In Pursuit of Significant Language — Mont Saint-Victoire



Rasheed Araeen. Mon St V, 1985
Acrylic on wood
Courtesy of the artist

This painterly construction is a homage to Paul Cezanne, its title an abbreviation of Mont Saint-Victoire, a mountain in Aix-en-Provence that is featured in a number of paintings by the French post-impressionist. Araeen was aware of Cezanne’s work almost from the beginning, as his early landscapes, painted in Karachi, betray an influence. In many ways, the homage is justified by the understanding of the conceptual lineage of the work: Cezanne was the first painter of the 20th century to employ what is often called a ‘constructive brushstroke’. This means that Cezanne formed the shapes with equally sized brushstrokes of different color, similar to a lattice, instead of using quick brushstrokes, as Impressionist painters did, or reducing the size of the stroke in accordance with perspective depth.
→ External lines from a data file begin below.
Lemma digits_small x : all (fun d => d < B) (digits B x).
Proof.
elim/ltn_ind: x => x IH; case: (posnP x) => [-> //|x_gt0].
by rewrite digits_rec //= ltn_mod (ltnW B_gt1) /= IH // ltn_Pdiv.
Qed.

Lemma size_digits_le x n : (size (digits B x) <= n) = (x < B ^ n).
Proof.
elim: n x => [|n IH] x; case: (posnP x) => [-> //|x_gt0].
- by rewrite digits_rec // expn0 ltnNge x_gt0.
- by rewrite expn_gt0 (ltnW B_gt1).
by rewrite digits_rec //= ltnS IH expnSr -ltn_divLR // (ltnW B_gt1).
Qed.

Definition of_digits (l : seq nat) : nat := foldr (fun d v => d + B * v) 0 l.

Lemma of_digits_lt l : all (fun d => d < B) l -> of_digits l < B ^ size l.
Proof.
elim: l => [//|d l IH] /= /andP[d_lt /IH]; rewrite expnS; nia.
Qed.

Lemma of_digits_lt_shorter x l : all (fun d => d < B) l ->
  size l < size (digits B x) -> of_digits l < x.
Proof.
move=> l_small; rewrite ltnNge size_digits_le -leqNgt.
exact/leq_trans/of_digits_lt.
Qed.

Lemma H_cons d v : d < B -> H B (d + B * v) = d ^ 2 + H B v.
Proof.
move=> d_lt; case: (posnP (d + B * v)) => [zero | pos].
  have [-> ->] : d = 0 /\ v = 0 by nia.
  by rewrite muln0.
rewrite /H digits_rec //= (addnC d) (mulnC B) modnMDl modn_small //.
by rewrite divnMDl ?divn_small ?addn0 //; lia.
Qed.

Lemma H_of_digits l : all (fun d => d < B) l ->
  H B (of_digits l) = sumn [seq d ^ 2 | d <- l].
Proof. by elim: l => [//|d l IH] /= /andP[d_lt /IH <-]; rewrite H_cons. Qed.

Lemma H_one : H B 1 = 1.
Proof. by have := H_cons 1 0 B_gt1; rewrite muln0 addn0 => ->. Qed.

Lemma H_base : H B B = 1.
Proof. by have := H_cons 0 1 (ltnW B_gt1); rewrite muln1 add0n H_one => ->. Qed.

End Digits.

Section Heights.
Variable B : nat.
Hypothesis B_gt1 : 1 < B.

Lemma Hiter_zero n : Hiter B n 0 = 0.
Proof. by elim: n => //= n; rewrite /Hiter /= => ->. Qed.

Lemma height_same_image x y n : H B y = H B x -> 0 < y -> y <> 1 ->
  height_is B x n.+1 -> height_is B y n.+1.
Proof.
move=> Hyx y_gt0 y_neq1 [_ [Hx_n Hx_min]].
have same k : Hiter B k.+1 y = Hiter B k.+1 x by rewrite /Hiter !iterSr Hyx.
split; first by split => //; exists n.+1; rewrite same.
by split=> [|[|k] lt_k]; rewrite ?same //; apply: Hx_min.
Qed.

(* The minimality of gamma_B(n+1) against any y with the same image: either
   x <= y, or (when y = 1, replaced by B whose image is also 1) x <= B. *)
Lemma gamma_le_preimage n x y : is_gamma B n.+1 x -> H B y = H B x ->
  x <= y \/ x <= B.
Proof.
move=> [x_height x_min] Hyx; have [[x_gt0 _] [x_n _]] := x_height.
case: (posnP y) => [y0 | y_gt0].
  by move: x_n; rewrite /Hiter iterSr -Hyx y0 -/(Hiter B n 0) Hiter_zero.
case: (eqVneq y 1) => [y1 | /eqP y_neq1].
  right; apply: x_min; first exact: ltnW.
  apply: height_same_image x_height; [|exact: ltnW|lia].
  by rewrite H_base // -Hyx y1 H_one.
by left; apply: x_min => //; apply: height_same_image x_height.
Qed.

End Heights.

Lemma sum_sq_split c l : all (fun d => d <= c) l ->
  sumn [seq d ^ 2 | d <- l] =
  sumn [seq d ^ 2 | d <- l & d < c] + (size l - count (fun d => d < c) l) * c ^ 2.
Proof.
elim: l => [//|d l IH] /= /andP[d_le /IH ->]; have := count_size (fun d => d < c) l.
case: ltnP => d_c /= C_le; first by rewrite add1n subSS addnA.
by rewrite add0n subSn // mulSn (_ : d = c); lia.
Qed.

Lemma sum_sq_le c l : all (fun d => d <= c) l ->
  sumn [seq d ^ 2 | d <- l] <= size l * c ^ 2.
Proof.
elim: l => [//|d l IH] /= /andP[d_le /IH le_sum].
by rewrite mulSn leq_add // leq_exp2r.
Qed.

Lemma quotient_bound N k q : 2 * N + 5 <= k -> q * N.+1 ^ 2 <= k * N ^ 2 -> q + 4 < k.
Proof.
move=> k_large q_le; rewrite ltnNge; apply/negP => k_le.
have : (k - 4) * N.+1 ^ 2 <= k * N ^ 2 by apply: leq_trans q_le; rewrite leq_mul2r; lia.
have : (2 * N + 5) * (2 * N + 1) <= k * (2 * N + 1) by rewrite leq_mul2r k_large orbT.
by nia.
Qed.

(* The heart of the bound: k squares of numbers at most N, with k >= 2N + 5,
   can be rewritten as fewer than k squares of numbers at most N + 1.  Write
   the sum as q (N+1)^2 + r with r < (N+1)^2 a sum of four squares; then
   q + 4 < k by quotient_bound. *)
Lemma fewer_squares N k S : 2 * N + 5 <= k -> S <= k * N ^ 2 ->
  exists l, [/\ all (fun d => d <= N.+1) l, size l < k & sumn [seq d ^ 2 | d <- l] = S].
Proof.
move=> k_large S_le.
have S_eq := divn_eq S (N.+1 ^ 2); have r_lt := ltn_pmod S (expn_gt0 N.+1 2).
set q := S %/ N.+1 ^ 2 in S_eq *; set r := S %% N.+1 ^ 2 in S_eq r_lt *.
have [a [b [c [d r_eq]]]] := four_squares r.
exists ([:: a; b; c; d] ++ nseq q N.+1); split.
- rewrite all_cat all_nseq leqnn orbT andbT /=.
  have sq_le z : z ^ 2 <= r -> z <= N.+1.
    by move=> z_le; rewrite -(leq_exp2r _ _ (ltn0Sn 1)); lia.
  by rewrite !sq_le //; lia.
- rewrite size_cat size_nseq /= addnC; apply: quotient_bound k_large _; lia.
by rewrite map_cat sumn_cat map_nseq sumn_nseq /=; lia.
Qed.

Theorem corollary2p5 (B eta x : nat) :
  2 <= B -> is_gamma B eta.+1 x -> alpha B x <= 2 * B.
Proof.
move=> B_ge2 x_gamma; rewrite leqNgt; apply/negP => many_small.
have [N B_eq] : exists N, B = N.+2 by exists B.-2; lia.
subst B; have B_gt1 : 1 < N.+2 by [].
set ds := digits N.+2 x; set k := alpha N.+2 x.
have k_le : k <= size ds := count_size _ _.
set S := sumn [seq d ^ 2 | d <- ds & d < N.+1].
have Hx : H N.+2 x = S + (size ds - k) * N.+1 ^ 2 := sum_sq_split _ _ (digits_small _ B_gt1 x).
have S_le : S <= k * N ^ 2.
  by rewrite /k /alpha -size_filter; apply: sum_sq_le; apply: filter_all.
have k_large : 2 * N + 5 <= k by lia.
have [l [l_le l_size l_sum]] := fewer_squares N k S k_large S_le.
set ys := l ++ nseq (size ds - k) N.+1.
have ys_small : all (fun d => d < N.+2) ys by rewrite all_cat all_nseq l_le leqnn orbT.
have Hy : H N.+2 (of_digits N.+2 ys) = H N.+2 x.
  by rewrite H_of_digits // Hx map_cat sumn_cat l_sum map_nseq sumn_nseq mulnC.
have y_lt : of_digits N.+2 ys < x.
  by apply: of_digits_lt_shorter => //; rewrite -/ds size_cat size_nseq; lia.
have B_lt : N.+2 < x.
  have : ~~ (x < N.+2 ^ 2) by rewrite -size_digits_le // -ltnNge -/ds; lia.
  by nia.
by have [] := gamma_le_preimage _ B_gt1 _ _ _ x_gamma Hy; lia.
Qed.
With Cezanne, writes art historian Richard Shiff, ‘each stroke tended to remain visibly distinct from its neighbors, causing viewers to become conscious of the painting as a contructive process, perhaps at the expence of its appearing as a coherent, fixed image’. Araeen’s homage is a rare example of the lattice structure becoming the groundwork for a figurative image.